**** Dataset ****

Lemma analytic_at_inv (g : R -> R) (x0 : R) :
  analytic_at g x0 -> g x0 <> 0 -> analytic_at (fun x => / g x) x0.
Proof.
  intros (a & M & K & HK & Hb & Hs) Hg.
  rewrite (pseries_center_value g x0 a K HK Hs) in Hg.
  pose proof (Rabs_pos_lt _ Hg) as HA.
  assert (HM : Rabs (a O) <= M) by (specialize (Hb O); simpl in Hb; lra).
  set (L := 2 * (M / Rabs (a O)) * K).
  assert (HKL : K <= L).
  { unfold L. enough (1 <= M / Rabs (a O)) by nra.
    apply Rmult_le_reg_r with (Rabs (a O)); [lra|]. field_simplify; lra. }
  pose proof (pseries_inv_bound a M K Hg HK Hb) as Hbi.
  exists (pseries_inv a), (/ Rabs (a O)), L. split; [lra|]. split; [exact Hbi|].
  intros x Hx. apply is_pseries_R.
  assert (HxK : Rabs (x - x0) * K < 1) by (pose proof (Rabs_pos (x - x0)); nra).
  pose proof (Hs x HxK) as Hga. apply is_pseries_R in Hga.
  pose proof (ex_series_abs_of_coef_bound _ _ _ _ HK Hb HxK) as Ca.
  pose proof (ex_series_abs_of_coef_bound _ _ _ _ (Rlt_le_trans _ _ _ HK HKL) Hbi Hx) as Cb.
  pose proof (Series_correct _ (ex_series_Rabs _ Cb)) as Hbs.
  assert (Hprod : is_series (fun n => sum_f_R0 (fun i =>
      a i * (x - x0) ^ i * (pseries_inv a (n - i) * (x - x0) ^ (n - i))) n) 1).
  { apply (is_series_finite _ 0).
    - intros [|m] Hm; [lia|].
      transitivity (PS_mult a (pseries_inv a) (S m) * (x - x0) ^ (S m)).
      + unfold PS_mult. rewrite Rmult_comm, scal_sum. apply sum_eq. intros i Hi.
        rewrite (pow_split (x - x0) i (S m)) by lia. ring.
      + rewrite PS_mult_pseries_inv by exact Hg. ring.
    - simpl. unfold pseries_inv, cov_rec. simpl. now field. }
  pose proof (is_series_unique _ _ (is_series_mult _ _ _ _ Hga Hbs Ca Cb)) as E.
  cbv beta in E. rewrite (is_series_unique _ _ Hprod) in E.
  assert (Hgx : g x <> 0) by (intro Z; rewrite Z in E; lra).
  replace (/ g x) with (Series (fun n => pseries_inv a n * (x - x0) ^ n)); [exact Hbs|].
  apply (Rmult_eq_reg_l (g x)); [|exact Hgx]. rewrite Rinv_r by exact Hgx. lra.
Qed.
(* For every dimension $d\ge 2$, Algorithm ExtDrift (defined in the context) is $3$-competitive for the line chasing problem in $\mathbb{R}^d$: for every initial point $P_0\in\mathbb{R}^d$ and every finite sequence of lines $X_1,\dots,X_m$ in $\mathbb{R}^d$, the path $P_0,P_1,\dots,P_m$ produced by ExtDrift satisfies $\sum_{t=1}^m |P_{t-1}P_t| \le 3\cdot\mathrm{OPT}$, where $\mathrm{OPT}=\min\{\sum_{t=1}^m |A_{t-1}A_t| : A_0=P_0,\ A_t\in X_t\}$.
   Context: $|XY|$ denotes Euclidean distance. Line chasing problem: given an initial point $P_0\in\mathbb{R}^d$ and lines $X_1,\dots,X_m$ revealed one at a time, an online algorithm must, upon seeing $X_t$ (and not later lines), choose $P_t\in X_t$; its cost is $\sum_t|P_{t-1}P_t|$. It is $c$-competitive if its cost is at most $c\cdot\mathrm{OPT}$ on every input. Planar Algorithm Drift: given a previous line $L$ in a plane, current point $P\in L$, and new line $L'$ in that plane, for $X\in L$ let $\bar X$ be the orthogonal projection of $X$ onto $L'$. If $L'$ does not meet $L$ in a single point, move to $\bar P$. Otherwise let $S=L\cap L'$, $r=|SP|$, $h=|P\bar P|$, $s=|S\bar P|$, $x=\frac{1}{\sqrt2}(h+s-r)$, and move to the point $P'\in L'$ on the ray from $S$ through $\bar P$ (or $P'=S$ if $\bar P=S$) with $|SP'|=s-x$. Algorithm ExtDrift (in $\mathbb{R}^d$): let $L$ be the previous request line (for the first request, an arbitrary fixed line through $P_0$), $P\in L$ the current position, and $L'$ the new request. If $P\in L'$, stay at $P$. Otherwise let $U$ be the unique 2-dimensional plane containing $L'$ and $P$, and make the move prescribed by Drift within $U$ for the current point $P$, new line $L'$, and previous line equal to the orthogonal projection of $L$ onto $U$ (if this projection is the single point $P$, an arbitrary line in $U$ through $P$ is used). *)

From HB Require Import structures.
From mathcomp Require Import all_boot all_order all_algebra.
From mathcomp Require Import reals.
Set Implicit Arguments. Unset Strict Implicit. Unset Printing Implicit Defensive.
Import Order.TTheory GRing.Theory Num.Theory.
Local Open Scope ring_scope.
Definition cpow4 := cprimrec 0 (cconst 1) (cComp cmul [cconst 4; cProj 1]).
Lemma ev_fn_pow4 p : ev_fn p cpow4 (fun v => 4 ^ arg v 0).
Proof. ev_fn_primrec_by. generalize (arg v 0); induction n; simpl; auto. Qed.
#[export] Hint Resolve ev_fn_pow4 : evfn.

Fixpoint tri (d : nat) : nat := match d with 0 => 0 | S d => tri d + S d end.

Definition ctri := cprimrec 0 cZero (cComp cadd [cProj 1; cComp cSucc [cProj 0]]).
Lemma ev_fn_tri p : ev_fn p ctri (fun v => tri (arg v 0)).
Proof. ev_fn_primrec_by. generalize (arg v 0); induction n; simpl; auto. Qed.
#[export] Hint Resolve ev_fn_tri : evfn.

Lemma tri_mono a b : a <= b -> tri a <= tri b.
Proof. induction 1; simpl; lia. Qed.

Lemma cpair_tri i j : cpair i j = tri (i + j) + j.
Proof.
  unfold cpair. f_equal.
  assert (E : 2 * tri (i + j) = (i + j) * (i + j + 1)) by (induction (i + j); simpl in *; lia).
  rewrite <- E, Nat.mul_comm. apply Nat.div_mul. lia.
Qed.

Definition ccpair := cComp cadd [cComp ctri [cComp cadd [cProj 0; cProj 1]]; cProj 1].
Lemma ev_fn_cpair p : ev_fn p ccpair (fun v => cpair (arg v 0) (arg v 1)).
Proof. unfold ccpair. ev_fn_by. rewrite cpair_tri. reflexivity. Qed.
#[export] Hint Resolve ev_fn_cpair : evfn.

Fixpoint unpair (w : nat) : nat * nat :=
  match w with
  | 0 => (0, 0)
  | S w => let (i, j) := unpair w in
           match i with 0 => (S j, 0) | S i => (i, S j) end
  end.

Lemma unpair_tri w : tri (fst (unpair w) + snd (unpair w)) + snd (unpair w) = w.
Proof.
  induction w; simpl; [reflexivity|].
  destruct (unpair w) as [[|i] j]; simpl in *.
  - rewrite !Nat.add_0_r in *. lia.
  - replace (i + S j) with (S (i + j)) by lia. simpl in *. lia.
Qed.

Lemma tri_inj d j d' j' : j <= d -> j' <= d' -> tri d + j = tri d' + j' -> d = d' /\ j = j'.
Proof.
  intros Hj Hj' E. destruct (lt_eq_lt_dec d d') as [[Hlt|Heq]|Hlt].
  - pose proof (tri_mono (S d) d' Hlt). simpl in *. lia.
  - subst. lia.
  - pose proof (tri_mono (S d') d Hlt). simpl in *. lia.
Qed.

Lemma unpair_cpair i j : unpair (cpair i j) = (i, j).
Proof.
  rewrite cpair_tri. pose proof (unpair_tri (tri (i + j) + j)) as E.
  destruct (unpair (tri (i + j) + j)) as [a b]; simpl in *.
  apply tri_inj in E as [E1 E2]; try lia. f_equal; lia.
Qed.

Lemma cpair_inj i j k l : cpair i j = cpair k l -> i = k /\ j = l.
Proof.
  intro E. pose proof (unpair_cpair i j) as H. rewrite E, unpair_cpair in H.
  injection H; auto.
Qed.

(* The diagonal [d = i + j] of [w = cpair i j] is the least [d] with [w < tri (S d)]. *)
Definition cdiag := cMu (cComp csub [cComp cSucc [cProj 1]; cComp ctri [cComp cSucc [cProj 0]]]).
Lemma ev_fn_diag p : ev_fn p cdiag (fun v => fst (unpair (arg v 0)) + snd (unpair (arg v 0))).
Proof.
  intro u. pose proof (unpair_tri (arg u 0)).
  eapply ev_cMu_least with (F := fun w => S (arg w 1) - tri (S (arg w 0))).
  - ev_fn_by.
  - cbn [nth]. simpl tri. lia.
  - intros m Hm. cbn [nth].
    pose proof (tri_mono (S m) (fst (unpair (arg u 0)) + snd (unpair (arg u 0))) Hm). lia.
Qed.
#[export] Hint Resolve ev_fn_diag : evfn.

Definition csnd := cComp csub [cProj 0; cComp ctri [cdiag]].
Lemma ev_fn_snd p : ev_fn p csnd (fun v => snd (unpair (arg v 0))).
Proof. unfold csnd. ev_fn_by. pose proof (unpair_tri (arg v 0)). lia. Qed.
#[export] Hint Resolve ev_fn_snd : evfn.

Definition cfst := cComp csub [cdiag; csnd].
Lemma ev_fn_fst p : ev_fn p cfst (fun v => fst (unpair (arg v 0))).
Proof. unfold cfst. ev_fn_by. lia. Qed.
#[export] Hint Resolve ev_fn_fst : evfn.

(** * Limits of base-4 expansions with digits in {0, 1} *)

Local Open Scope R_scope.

****
**** Dataset ****

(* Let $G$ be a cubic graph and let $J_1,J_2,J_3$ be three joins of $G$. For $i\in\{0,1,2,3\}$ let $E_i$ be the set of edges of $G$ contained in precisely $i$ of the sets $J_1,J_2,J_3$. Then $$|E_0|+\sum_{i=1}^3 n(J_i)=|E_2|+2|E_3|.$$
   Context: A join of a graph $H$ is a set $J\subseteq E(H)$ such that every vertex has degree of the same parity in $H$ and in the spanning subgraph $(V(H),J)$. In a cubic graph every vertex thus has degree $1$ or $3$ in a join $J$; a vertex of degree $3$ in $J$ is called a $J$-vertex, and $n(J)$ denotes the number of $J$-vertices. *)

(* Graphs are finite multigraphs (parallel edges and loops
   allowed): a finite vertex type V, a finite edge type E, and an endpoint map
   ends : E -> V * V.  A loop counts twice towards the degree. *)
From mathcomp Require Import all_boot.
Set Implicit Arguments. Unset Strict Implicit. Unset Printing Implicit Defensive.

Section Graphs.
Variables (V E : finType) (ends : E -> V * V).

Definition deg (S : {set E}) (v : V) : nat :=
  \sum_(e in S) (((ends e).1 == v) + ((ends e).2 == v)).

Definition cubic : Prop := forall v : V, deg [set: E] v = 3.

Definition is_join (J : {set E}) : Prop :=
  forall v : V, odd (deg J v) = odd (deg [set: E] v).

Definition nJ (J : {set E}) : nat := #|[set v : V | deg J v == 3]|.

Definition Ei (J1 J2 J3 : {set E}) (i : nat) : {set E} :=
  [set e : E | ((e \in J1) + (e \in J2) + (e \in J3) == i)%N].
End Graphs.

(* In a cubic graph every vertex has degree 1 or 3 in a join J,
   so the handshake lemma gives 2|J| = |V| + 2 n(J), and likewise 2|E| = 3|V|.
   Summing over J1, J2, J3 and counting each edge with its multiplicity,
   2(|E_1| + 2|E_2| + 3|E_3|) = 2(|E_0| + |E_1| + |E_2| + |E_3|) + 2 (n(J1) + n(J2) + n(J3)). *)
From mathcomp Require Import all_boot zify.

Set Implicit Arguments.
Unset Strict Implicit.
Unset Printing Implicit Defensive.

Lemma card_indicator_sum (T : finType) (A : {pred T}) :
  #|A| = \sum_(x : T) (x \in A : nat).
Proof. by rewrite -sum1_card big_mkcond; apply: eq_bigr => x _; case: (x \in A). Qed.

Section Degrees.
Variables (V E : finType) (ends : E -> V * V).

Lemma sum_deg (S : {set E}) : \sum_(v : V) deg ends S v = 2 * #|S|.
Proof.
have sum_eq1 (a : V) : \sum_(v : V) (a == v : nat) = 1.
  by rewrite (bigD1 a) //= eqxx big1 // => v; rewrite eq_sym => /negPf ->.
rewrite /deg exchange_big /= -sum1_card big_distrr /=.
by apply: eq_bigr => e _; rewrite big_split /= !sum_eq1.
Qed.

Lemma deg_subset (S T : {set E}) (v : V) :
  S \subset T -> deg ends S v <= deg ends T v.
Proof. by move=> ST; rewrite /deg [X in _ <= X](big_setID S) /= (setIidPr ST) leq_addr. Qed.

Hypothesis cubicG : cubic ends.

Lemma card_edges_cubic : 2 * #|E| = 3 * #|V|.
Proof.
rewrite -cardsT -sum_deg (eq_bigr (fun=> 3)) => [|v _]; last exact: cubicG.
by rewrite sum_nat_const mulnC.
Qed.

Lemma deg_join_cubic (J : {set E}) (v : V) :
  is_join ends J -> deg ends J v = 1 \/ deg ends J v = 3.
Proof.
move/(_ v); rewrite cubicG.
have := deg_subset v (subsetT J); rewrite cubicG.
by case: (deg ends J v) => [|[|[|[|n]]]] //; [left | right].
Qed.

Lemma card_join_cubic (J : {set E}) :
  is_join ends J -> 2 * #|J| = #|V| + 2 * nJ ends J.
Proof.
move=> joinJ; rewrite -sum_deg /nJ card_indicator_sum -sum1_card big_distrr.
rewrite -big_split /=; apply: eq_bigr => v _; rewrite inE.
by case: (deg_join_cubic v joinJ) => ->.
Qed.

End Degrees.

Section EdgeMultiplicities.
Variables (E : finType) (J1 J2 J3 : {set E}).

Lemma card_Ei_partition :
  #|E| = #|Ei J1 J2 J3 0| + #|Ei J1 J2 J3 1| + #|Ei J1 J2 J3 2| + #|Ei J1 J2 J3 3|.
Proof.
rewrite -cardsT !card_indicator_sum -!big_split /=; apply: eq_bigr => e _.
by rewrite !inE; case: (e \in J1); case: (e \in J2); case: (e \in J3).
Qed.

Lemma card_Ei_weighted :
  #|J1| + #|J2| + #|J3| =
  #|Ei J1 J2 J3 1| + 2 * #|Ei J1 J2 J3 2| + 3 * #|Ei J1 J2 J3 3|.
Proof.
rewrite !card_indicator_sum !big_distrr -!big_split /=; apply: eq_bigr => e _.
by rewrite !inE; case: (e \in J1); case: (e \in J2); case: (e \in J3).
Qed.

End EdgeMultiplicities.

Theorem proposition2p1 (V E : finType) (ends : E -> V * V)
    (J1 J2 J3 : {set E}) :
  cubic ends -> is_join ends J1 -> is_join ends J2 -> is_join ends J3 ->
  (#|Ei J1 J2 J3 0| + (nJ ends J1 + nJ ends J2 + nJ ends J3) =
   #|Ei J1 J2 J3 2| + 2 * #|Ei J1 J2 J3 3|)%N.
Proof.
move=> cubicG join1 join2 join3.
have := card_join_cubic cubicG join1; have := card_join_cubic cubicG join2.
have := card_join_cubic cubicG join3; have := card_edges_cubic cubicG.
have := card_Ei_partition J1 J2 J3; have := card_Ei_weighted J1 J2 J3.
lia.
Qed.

****

What you need to do — As listed above, the lines from the line with "Lemma analytic_at_inv (g" to the line with "pose proof (pseries_inv_bound" are to be echoed exactly, with both ends included and nothing added.

Answer box —
Lemma analytic_at_inv (g : R -> R) (x0 : R) :
  analytic_at g x0 -> g x0 <> 0 -> analytic_at (fun x => / g x) x0.
Proof.
  intros (a & M & K & HK & Hb & Hs) Hg.
  rewrite (pseries_center_value g x0 a K HK Hs) in Hg.
  pose proof (Rabs_pos_lt _ Hg) as HA.
  assert (HM : Rabs (a O) <= M) by (specialize (Hb O); simpl in Hb; lra).
  set (L := 2 * (M / Rabs (a O)) * K).
  assert (HKL : K <= L).
  { unfold L. enough (1 <= M / Rabs (a O)) by nra.
    apply Rmult_le_reg_r with (Rabs (a O)); [lra|]. field_simplify; lra. }
  pose proof (pseries_inv_bound a M K Hg HK Hb) as Hbi.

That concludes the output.